▶ _Task to complete_
Which lines to output? The line containing "by move=> [a" and every line after it in the data below, each copied exactly.

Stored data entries
■ ■ ■ ■

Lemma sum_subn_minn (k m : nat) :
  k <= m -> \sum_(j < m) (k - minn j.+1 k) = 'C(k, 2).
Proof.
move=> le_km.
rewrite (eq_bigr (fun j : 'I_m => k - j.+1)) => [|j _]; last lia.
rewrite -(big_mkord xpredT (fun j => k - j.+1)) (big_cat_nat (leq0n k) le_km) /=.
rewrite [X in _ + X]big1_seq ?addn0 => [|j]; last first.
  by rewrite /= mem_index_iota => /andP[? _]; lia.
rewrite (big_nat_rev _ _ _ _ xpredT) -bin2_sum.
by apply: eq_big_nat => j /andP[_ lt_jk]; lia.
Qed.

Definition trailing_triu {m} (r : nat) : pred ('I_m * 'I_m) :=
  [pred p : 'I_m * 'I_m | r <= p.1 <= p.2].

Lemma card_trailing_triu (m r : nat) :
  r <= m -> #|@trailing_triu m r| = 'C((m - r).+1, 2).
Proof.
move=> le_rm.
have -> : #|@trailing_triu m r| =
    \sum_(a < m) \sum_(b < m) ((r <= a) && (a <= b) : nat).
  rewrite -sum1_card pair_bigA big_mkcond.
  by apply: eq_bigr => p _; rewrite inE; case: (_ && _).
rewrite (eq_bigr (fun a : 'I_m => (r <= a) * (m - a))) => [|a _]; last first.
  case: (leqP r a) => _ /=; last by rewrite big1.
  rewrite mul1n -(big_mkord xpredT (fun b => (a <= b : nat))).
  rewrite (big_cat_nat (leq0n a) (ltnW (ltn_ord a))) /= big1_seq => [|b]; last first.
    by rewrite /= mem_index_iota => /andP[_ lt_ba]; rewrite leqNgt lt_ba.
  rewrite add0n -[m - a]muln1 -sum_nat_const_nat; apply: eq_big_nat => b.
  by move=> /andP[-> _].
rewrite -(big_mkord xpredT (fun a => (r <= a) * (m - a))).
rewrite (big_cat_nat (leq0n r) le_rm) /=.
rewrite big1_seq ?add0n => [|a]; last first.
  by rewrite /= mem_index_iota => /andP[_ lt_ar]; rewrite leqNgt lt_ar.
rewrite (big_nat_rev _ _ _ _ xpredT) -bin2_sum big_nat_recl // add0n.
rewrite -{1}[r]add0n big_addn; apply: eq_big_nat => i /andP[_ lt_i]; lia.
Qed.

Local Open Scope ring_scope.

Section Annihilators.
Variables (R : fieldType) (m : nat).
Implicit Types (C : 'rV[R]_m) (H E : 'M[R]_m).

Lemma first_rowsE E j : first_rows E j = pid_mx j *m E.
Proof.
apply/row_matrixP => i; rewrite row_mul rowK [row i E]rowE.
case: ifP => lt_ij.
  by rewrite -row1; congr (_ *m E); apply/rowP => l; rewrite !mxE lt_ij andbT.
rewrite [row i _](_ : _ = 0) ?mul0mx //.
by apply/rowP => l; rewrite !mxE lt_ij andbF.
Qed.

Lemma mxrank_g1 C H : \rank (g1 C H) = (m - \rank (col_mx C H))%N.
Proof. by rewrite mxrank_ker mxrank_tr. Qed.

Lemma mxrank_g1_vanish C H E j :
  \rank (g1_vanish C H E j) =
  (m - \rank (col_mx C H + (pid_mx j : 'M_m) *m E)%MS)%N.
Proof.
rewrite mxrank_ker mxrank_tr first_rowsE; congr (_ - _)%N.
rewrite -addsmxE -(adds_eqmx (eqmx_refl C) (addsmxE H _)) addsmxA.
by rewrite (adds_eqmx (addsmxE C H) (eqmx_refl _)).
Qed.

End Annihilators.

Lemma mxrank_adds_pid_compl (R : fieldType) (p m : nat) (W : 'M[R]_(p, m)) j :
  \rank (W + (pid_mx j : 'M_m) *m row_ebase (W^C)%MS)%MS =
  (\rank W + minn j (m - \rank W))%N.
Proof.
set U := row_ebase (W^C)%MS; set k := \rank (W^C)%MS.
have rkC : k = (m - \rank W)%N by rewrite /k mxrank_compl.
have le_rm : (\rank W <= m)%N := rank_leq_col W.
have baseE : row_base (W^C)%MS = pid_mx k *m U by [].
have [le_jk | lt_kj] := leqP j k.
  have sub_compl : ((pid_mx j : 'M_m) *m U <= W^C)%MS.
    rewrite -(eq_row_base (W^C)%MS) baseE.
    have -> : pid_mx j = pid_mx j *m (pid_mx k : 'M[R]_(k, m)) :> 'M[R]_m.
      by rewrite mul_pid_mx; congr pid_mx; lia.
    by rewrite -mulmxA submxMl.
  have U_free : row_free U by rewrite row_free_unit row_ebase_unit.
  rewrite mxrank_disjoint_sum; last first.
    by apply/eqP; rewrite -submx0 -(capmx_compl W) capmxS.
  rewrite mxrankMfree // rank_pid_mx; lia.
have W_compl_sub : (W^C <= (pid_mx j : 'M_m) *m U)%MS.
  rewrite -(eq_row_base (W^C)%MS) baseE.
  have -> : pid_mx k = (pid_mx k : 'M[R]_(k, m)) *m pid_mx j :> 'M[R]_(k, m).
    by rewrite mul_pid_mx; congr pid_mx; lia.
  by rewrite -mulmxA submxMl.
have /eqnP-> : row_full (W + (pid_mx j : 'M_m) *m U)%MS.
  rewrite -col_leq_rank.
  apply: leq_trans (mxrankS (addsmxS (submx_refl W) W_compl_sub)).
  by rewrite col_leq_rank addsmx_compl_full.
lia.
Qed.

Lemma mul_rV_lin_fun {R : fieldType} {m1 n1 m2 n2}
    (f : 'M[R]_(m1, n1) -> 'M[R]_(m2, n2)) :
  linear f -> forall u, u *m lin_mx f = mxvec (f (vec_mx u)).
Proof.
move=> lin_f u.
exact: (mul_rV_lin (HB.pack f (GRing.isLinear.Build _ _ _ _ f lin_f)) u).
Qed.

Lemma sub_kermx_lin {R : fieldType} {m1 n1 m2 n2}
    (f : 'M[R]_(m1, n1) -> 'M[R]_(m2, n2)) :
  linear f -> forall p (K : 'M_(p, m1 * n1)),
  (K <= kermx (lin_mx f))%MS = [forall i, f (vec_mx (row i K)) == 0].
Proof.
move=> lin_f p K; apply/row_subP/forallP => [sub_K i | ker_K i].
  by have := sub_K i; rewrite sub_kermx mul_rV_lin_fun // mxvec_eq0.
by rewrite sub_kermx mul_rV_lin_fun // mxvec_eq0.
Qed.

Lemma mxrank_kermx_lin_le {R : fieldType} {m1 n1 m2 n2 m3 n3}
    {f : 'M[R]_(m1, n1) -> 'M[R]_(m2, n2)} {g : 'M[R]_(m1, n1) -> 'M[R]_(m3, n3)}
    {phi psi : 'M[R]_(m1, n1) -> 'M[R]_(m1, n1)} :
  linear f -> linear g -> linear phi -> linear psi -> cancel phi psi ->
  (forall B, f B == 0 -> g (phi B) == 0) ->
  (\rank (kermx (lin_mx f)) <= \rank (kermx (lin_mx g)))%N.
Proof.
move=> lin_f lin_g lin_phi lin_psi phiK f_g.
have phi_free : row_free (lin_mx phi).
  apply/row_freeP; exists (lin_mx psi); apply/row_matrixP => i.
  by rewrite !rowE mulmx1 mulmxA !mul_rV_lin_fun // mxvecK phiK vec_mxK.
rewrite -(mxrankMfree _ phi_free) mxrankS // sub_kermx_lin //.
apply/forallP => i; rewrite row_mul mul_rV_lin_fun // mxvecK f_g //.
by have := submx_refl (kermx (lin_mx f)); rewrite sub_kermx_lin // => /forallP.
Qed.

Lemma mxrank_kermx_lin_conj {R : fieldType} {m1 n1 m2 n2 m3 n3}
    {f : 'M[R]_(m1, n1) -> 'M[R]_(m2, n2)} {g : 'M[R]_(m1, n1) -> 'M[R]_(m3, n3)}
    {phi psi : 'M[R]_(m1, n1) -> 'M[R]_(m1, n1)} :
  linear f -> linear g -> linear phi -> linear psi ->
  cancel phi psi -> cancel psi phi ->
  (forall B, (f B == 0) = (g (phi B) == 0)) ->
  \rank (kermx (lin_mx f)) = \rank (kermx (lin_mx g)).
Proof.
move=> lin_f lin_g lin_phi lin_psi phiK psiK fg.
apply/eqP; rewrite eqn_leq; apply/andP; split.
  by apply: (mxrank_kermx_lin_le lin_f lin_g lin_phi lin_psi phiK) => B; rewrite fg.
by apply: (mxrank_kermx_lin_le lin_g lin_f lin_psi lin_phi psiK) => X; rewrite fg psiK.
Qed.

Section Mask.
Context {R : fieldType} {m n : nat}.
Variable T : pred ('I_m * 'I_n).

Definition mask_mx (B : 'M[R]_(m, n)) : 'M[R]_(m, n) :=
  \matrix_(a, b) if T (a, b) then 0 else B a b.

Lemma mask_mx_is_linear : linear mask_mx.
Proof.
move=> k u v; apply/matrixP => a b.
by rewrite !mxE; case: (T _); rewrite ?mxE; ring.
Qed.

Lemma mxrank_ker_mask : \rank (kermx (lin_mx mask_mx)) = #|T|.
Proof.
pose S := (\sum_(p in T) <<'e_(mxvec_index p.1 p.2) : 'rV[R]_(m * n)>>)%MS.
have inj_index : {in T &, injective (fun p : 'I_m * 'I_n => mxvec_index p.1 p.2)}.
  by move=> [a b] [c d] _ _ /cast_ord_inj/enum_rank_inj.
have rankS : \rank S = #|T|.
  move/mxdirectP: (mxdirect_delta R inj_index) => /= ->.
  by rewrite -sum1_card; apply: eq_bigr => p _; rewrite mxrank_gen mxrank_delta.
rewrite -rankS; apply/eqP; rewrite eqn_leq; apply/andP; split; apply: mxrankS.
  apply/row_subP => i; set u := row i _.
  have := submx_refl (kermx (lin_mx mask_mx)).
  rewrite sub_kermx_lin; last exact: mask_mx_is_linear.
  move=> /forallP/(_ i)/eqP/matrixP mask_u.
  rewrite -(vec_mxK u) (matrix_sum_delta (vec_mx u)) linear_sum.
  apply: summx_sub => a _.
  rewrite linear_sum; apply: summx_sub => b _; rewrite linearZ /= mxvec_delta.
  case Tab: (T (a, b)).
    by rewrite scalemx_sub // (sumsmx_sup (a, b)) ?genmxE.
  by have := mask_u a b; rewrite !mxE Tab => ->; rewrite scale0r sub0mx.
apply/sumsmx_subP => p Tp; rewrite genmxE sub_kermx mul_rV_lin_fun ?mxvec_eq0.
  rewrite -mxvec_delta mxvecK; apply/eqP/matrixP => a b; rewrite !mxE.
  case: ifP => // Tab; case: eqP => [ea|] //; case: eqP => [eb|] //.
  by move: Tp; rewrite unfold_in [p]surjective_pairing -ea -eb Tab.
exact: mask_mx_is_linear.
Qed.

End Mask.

■ ■ ■ ■

▶ _Exercise output_
  by move=> [a b] [c d] _ _ /cast_ord_inj/enum_rank_inj.
have rankS : \rank S = #|T|.
  move/mxdirectP: (mxdirect_delta R inj_index) => /= ->.
  by rewrite -sum1_card; apply: eq_bigr => p _; rewrite mxrank_gen mxrank_delta.
rewrite -rankS; apply/eqP; rewrite eqn_leq; apply/andP; split; apply: mxrankS.
  apply/row_subP => i; set u := row i _.
  have := submx_refl (kermx (lin_mx mask_mx)).
  rewrite sub_kermx_lin; last exact: mask_mx_is_linear.
  move=> /forallP/(_ i)/eqP/matrixP mask_u.
  rewrite -(vec_mxK u) (matrix_sum_delta (vec_mx u)) linear_sum.
  apply: summx_sub => a _.
  rewrite linear_sum; apply: summx_sub => b _; rewrite linearZ /= mxvec_delta.
  case Tab: (T (a, b)).
    by rewrite scalemx_sub // (sumsmx_sup (a, b)) ?genmxE.
  by have := mask_u a b; rewrite !mxE Tab => ->; rewrite scale0r sub0mx.
apply/sumsmx_subP => p Tp; rewrite genmxE sub_kermx mul_rV_lin_fun ?mxvec_eq0.
  rewrite -mxvec_delta mxvecK; apply/eqP/matrixP => a b; rewrite !mxE.
  case: ifP => // Tab; case: eqP => [ea|] //; case: eqP => [eb|] //.
  by move: Tp; rewrite unfold_in [p]surjective_pairing -ea -eb Tab.
exact: mask_mx_is_linear.
Qed.

End Mask.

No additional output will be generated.